▸ **PROBLEM STATEMENT**:
Nothing but the lines from the one containing "Proof. by have := porbit_perm" through the one containing "apply/setP=> O; rewrite", both included, should be given again, each exactly as written below.
--- THE RECORDS ---
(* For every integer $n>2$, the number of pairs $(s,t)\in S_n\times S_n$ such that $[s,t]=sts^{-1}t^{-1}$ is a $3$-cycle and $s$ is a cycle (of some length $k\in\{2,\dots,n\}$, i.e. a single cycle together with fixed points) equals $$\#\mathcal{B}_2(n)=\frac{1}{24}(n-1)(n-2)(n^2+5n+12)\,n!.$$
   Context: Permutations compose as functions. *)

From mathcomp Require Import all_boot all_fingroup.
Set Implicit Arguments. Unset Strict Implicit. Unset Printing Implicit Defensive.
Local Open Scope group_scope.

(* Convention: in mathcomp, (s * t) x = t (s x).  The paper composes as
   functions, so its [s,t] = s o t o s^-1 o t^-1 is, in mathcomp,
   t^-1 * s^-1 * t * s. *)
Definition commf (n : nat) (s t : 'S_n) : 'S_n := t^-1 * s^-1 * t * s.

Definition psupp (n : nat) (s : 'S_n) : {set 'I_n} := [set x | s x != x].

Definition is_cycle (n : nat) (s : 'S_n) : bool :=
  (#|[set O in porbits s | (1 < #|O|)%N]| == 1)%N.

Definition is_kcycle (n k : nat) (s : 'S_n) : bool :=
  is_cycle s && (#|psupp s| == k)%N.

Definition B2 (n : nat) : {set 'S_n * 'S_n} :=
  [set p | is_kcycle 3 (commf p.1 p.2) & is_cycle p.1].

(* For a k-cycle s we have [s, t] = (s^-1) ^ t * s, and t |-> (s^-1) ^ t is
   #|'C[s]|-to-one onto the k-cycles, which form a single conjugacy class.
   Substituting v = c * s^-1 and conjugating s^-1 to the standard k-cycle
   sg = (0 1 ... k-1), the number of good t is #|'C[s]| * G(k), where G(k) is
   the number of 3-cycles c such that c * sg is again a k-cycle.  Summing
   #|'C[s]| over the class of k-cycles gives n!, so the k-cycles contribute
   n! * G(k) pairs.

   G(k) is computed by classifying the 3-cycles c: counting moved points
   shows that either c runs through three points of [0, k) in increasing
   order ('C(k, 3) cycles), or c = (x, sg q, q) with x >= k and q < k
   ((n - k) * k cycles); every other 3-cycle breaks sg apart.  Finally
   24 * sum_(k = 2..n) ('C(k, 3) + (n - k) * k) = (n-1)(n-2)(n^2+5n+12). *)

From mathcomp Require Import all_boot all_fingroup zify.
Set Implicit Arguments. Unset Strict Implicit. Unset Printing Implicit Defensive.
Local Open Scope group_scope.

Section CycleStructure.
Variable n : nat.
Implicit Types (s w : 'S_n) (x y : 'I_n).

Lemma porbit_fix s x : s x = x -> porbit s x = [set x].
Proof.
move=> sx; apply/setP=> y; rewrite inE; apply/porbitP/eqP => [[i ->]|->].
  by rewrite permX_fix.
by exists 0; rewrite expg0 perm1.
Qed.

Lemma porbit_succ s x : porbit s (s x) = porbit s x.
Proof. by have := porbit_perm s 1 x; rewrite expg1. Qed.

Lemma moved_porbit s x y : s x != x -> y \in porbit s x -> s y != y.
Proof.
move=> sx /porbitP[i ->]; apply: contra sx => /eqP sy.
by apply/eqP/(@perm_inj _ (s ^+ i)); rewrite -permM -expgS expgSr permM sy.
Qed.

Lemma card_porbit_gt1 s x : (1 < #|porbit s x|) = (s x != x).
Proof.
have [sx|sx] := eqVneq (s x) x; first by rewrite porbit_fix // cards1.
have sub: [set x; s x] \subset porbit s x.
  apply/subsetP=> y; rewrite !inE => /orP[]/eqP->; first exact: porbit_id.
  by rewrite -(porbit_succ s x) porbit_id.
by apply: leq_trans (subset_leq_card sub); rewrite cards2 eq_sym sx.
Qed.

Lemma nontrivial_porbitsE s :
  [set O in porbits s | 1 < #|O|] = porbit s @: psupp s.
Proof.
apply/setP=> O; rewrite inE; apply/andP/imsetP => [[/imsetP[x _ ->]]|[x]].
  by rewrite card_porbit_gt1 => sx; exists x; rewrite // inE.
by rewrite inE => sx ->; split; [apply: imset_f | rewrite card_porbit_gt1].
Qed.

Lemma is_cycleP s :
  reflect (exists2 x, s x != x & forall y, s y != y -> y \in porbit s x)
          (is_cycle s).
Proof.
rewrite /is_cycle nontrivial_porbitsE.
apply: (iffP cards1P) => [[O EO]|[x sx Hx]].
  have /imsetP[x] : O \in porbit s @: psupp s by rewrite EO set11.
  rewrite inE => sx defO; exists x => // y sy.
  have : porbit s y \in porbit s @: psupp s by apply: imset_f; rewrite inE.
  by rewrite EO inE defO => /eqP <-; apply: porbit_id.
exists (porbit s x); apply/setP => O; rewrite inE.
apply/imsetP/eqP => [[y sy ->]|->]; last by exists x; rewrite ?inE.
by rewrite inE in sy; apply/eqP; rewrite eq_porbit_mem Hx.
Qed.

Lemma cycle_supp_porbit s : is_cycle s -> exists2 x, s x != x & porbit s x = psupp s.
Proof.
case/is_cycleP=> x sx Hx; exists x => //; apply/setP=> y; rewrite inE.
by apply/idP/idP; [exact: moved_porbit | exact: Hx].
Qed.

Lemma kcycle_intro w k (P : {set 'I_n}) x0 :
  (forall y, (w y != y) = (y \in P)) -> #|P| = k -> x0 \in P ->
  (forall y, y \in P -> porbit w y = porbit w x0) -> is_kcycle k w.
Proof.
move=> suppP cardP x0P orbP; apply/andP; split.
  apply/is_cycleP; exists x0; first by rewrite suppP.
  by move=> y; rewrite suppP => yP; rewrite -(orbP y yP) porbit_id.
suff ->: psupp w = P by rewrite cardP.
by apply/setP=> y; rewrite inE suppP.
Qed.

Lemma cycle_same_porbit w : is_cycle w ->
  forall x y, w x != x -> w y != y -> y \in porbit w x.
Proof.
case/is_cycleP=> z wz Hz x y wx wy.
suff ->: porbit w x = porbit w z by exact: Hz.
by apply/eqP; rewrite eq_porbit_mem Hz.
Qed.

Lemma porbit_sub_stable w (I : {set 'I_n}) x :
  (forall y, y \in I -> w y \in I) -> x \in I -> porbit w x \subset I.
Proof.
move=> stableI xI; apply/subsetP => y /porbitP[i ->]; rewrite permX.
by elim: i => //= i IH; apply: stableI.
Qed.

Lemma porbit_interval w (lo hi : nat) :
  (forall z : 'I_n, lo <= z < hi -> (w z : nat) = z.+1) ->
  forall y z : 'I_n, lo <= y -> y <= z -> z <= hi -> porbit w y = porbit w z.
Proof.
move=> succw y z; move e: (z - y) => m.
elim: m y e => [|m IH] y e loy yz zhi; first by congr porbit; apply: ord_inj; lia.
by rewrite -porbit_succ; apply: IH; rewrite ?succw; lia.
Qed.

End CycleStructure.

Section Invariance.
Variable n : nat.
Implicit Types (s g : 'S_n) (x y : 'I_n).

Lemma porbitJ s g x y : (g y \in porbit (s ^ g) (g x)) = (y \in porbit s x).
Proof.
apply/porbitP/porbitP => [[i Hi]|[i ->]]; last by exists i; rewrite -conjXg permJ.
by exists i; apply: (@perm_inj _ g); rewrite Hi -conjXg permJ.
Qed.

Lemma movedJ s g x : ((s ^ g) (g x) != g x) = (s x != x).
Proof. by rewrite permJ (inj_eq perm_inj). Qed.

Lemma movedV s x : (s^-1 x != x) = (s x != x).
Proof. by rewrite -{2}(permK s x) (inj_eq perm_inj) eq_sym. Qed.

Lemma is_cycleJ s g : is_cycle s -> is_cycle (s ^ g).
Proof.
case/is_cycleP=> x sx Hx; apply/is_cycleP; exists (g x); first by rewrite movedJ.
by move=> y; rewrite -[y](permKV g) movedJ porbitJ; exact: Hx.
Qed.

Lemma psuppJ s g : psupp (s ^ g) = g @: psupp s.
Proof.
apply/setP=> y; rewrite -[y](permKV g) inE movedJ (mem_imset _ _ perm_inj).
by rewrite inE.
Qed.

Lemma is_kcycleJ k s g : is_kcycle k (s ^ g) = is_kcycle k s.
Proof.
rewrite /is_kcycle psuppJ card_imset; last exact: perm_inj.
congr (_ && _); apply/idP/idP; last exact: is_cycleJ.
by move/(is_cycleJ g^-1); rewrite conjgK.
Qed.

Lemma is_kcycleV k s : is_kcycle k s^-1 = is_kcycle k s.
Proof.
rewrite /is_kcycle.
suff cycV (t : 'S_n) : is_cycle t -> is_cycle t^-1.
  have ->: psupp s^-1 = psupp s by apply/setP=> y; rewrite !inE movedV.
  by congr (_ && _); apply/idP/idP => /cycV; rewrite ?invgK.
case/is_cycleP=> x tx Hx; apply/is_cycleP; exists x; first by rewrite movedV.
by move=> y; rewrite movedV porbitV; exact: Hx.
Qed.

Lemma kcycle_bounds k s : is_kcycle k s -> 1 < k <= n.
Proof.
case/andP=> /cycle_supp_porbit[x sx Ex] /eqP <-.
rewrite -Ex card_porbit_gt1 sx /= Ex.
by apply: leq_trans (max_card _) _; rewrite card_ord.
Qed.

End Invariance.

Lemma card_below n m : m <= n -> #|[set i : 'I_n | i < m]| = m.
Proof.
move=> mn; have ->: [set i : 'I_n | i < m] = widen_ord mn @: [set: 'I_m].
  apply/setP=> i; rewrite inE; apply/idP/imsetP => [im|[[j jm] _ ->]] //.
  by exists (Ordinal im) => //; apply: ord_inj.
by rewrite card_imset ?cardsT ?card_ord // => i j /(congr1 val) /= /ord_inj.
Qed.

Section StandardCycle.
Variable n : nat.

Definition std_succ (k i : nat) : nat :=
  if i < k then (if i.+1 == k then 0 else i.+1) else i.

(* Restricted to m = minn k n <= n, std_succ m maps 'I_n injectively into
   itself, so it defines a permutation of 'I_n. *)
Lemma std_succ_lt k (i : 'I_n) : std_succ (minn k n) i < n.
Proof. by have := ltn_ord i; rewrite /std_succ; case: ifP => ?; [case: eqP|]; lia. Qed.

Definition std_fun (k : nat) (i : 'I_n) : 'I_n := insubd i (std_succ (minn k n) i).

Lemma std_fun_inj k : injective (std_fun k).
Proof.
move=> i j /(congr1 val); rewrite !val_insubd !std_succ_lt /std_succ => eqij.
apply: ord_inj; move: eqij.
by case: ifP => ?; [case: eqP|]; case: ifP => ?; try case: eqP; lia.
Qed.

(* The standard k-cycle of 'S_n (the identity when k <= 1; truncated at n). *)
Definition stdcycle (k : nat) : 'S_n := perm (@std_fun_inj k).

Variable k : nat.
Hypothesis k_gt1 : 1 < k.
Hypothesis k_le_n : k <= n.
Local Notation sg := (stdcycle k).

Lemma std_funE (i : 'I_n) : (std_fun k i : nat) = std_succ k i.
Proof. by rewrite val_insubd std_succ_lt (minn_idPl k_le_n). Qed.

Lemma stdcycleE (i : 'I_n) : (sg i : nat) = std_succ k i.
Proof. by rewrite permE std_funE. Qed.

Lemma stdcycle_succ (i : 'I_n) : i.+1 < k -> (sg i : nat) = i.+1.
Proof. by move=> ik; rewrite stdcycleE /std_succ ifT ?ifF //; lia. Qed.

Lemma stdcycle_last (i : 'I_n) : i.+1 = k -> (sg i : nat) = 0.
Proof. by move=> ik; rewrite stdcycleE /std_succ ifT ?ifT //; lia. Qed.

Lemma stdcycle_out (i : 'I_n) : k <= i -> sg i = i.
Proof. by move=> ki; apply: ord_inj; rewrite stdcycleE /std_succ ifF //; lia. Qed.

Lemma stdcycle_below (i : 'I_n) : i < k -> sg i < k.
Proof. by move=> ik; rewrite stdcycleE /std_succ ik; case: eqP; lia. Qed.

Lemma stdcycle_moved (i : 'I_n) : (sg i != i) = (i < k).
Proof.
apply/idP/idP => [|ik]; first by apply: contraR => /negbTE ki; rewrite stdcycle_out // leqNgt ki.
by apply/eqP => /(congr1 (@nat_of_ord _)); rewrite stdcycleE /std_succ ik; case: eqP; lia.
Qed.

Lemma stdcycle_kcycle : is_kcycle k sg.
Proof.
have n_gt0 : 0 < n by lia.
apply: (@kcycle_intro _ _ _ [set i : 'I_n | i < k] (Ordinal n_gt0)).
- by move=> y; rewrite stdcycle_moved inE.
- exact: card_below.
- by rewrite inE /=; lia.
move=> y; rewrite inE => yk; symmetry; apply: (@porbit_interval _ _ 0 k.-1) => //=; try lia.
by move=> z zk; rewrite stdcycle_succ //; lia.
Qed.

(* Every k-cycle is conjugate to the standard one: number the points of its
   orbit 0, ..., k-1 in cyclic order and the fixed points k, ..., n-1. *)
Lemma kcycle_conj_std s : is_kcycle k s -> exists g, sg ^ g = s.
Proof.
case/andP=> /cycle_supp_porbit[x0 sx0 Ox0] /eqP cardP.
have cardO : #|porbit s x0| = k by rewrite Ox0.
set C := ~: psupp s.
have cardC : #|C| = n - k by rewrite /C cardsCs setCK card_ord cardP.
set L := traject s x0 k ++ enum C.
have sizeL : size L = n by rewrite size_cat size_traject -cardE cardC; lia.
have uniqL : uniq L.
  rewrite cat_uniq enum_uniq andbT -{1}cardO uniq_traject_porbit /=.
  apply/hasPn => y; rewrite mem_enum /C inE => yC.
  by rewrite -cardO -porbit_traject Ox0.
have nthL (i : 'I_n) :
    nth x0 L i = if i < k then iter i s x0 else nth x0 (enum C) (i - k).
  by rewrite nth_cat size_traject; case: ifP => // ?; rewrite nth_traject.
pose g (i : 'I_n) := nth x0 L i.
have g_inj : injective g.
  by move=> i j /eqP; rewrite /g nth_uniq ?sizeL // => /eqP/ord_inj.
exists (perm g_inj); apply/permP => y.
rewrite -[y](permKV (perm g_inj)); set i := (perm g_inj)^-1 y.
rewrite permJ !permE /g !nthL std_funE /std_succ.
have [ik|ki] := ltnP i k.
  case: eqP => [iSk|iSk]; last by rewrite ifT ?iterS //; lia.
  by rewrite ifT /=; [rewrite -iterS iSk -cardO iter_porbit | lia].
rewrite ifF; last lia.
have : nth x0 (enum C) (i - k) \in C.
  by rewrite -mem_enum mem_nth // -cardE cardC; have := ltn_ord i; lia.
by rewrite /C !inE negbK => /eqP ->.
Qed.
---
--- THE RECORDS ---
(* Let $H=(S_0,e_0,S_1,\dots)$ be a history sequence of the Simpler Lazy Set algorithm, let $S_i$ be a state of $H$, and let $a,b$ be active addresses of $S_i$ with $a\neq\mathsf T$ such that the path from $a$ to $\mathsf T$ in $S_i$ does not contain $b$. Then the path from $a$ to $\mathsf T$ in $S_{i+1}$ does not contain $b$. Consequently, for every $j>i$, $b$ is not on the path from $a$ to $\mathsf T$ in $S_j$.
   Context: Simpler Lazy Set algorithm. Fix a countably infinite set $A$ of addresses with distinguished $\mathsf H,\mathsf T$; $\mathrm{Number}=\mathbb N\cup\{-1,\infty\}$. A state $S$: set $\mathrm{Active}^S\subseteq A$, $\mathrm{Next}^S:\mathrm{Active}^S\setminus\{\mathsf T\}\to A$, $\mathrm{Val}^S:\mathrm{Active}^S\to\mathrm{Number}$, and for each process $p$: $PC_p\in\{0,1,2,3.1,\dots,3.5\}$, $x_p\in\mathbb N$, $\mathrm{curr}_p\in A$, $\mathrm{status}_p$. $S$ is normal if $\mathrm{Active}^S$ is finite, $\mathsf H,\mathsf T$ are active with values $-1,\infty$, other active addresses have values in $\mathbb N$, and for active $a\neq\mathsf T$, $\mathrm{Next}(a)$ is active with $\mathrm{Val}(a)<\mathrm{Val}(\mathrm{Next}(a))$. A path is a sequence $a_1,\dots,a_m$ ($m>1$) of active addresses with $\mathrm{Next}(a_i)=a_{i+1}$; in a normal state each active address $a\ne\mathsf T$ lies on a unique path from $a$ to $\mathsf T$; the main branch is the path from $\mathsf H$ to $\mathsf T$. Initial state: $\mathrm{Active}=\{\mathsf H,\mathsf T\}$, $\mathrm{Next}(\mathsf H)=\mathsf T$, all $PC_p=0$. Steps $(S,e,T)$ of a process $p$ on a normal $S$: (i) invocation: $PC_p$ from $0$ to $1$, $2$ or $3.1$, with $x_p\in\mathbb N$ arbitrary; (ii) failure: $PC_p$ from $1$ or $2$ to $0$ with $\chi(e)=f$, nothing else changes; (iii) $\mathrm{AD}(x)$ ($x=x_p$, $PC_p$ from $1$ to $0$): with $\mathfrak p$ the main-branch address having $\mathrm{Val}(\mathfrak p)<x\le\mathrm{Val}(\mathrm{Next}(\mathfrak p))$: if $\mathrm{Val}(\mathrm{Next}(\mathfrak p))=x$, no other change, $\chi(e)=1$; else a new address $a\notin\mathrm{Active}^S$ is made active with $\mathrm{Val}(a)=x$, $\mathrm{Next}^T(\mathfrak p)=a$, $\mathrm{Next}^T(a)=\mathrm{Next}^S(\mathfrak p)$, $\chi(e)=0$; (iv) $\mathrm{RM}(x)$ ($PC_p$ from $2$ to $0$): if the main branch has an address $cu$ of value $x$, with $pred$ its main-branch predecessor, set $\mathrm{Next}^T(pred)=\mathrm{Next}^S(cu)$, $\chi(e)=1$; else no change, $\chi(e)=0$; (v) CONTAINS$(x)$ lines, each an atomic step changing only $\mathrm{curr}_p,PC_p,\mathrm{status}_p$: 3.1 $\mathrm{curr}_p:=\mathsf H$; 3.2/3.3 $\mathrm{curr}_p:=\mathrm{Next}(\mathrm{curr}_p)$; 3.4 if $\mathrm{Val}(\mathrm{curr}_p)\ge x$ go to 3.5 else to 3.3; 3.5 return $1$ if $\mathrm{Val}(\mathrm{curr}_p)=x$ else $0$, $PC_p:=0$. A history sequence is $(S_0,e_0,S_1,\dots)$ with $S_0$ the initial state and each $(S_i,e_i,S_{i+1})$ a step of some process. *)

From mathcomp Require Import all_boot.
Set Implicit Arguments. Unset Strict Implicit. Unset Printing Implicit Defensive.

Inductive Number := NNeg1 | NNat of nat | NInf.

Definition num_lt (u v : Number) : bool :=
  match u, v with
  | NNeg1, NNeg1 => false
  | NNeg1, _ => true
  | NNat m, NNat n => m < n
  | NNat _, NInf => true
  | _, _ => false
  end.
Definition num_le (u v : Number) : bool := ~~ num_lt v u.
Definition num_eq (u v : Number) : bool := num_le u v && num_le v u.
---
▸ **RESULT OF THIS EXERCISE**:
Proof. by have := porbit_perm s 1 x; rewrite expg1. Qed.

Lemma moved_porbit s x y : s x != x -> y \in porbit s x -> s y != y.
Proof.
move=> sx /porbitP[i ->]; apply: contra sx => /eqP sy.
by apply/eqP/(@perm_inj _ (s ^+ i)); rewrite -permM -expgS expgSr permM sy.
Qed.

Lemma card_porbit_gt1 s x : (1 < #|porbit s x|) = (s x != x).
Proof.
have [sx|sx] := eqVneq (s x) x; first by rewrite porbit_fix // cards1.
have sub: [set x; s x] \subset porbit s x.
  apply/subsetP=> y; rewrite !inE => /orP[]/eqP->; first exact: porbit_id.
  by rewrite -(porbit_succ s x) porbit_id.
by apply: leq_trans (subset_leq_card sub); rewrite cards2 eq_sym sx.
Qed.

Lemma nontrivial_porbitsE s :
  [set O in porbits s | 1 < #|O|] = porbit s @: psupp s.
Proof.
apply/setP=> O; rewrite inE; apply/andP/imsetP => [[/imsetP[x _ ->]]|[x]].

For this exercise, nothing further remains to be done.